As we shall see, Fastflow addresses these issues by way of a stack of layers, which are described in the next sections:

Most of the issues are addressed within low-level and high-level programming layers, while the Problem Solving Environment layer is mainly focused on enhancing programmability and ease of use.

Observe that this stack of layers is purely conceptual. As we shall see, many of these stacks are statically compiled and optimised in a cross-layer fashion into the binary code by way of generative programming techniques, such as inline C++ templates.

### Hardware

FastFlow is specifically designed for cache-coherent multiprocessors, and in particular commodity homogenous multi-core (e.g. Intel core, AMD K10, etc.). It supports multiprocessors exploiting any memory consistency, including very weak consistency models. FastFlow implementation is always lock-free, and for several memory consistency models is also memory fence-free (e.g., sequential consistency, total store ordering, and the x86 model). On other models (e.g., Itanium and Power4, 5, and 6), a store fence before an enqueue is needed [GMV08].
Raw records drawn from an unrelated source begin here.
(* In the segregation process, suppose that $F$ is an $x$-firewall incubator (in the initial configuration) and there exist a left-pseudo-transcript and a right-pseudo-transcript of $F$ all of whose partial sums are non-negative. Then $F$ becomes an $x$-firewall, i.e. at some time every node of $F$ is occupied by an individual of type $x$.
   Context: Segregation process: the nodes of an $n$-cycle are indexed mod $n$; at every time there is a bijection between $n$ individuals and the nodes, each individual having type $x$ or $o$; initially each node independently gets label $x$ or $o$ with probability $1/2$. With sign $+1$ for $x$ and $-1$ for $o$, the $x$-bias $\beta_t(i)$ of node $i$ at time $t$ is the sum of the signs of the labels of nodes $i-w,\dots,i+w$. An $x$-individual at $i$ is happy iff $\beta_t(i)>0$, an $o$-individual iff $\beta_t(i)<0$; otherwise unhappy. At each time step two individuals are chosen uniformly at random (a proposed swap); if both are unhappy and of opposite types they exchange nodes, otherwise nothing changes. A block is a sequence of consecutive nodes; a firewall is a block of at least $w+1$ consecutive nodes with identical labels. An $x$-firewall incubator is a block $F$ made up of consecutive blocks $D_L,I,D_R$ (left to right) such that $|D_L|=|D_R|=w+1$, $\beta_0(i)>\sqrt w$ for all $i\in F$, the minimum of $\beta_0$ over $D_L$ is attained at its left endpoint and the minimum of $\beta_0$ over $D_R$ is attained at its right endpoint. $A_L$, $A_R$ denote the blocks of $w$ nodes immediately to the left and right of $F$. The satisfaction time of an individual is the first time at which it is selected for a proposed swap together with an unhappy individual of the opposite type ($\infty$ if none); an individual is impatient at time $t$ if it is unhappy at time $t$ and $t$ is at most its satisfaction time. A left attacking $x$ is an $x$-individual in $A_L$ at time $0$; a left defending $o$ is an $o$-individual in $D_L$ at time $0$; these are the left combatants (right combatants defined analogously with $A_R,D_R$). The left-transcript is the sign sequence obtained by listing the left combatants in reverse (decreasing) order of satisfaction time and writing $+1$ for each attacking $x$ and $-1$ for each defending $o$; the right-transcript is defined analogously. If there exists a time $t_0$ at which no individual in $F$ is impatient, any sign sequence obtained from the left- (resp. right-) transcript by permuting the signs associated to individuals whose satisfaction time is after $t_0$, while fixing all other signs, is a left- (resp. right-) pseudo-transcript. The $k$-th partial sum of a sequence is the sum of its first $k$ elements. *)

(* Deterministic description of the segregation process
   driven by an arbitrary initial labelling and an arbitrary sequence of
   proposed swaps. *)
From HB Require Import structures.
From mathcomp Require Import all_boot all_order all_algebra.
Set Implicit Arguments. Unset Strict Implicit. Unset Printing Implicit Defensive.
Import Order.TTheory GRing.Theory Num.Theory.
Local Open Scope ring_scope.

(* Conventions.
   - Nodes of the n-cycle are 0..n-1; a node may be given by any integer k,
     meaning node (k mod n).
   - Individuals are named 0..n-1: individual a initially sits at node a,
     and has the fixed type [typ a] (true = x, false = o).
   - An occupancy [o : nat -> nat] maps a node to the individual on it. *)

Definition sgnb (b : bool) : int := if b then 1 else -1.

Definition node (n : nat) (k : int) : nat := absz (k %% n%:Z)%Z.

Definition lab (n : nat) (typ : nat -> bool) (o : nat -> nat) (k : int) : bool :=
  typ (o (node n k)).

Definition bias (n w : nat) (typ : nat -> bool) (o : nat -> nat) (i : int) : int :=
  \sum_(j < (2 * w).+1) sgnb (lab n typ o (i - w%:Z + j%:Z)).

Definition unhappy_node (n w : nat) (typ : nat -> bool) (o : nat -> nat) (i : int) : bool :=
  if lab n typ o i then bias n w typ o i <= 0 else 0 <= bias n w typ o i.

Definition unhappy_ind (n w : nat) (typ : nat -> bool) (o : nat -> nat) (a : nat) : bool :=
  [exists k : 'I_n, (o k == a) && unhappy_node n w typ o (k%:Z)].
At the current development status, FastFlow does not include any specific optimization targeting cc-NUMA platforms, although their support is planned and under design. Also, it currently does not automatically generate code running on GPUs (and other accelerators), even if it admits and supports the linking of code running on hardware accelerators. The full support of heterogenous platforms is currently under evaluation.

### Run-time support

Taking inspiration from Fastforward queues [GMV08] and Lamport's wait-free protocols [Lam83], the second tier provides mechanisms to define simple streaming networks whose run-time support is implemented through correct and efficient lock-free Single-Producer-Single-Consumer (SPSC) queues (more details about FastFlow's SPSC queues can be found in TR-10-20).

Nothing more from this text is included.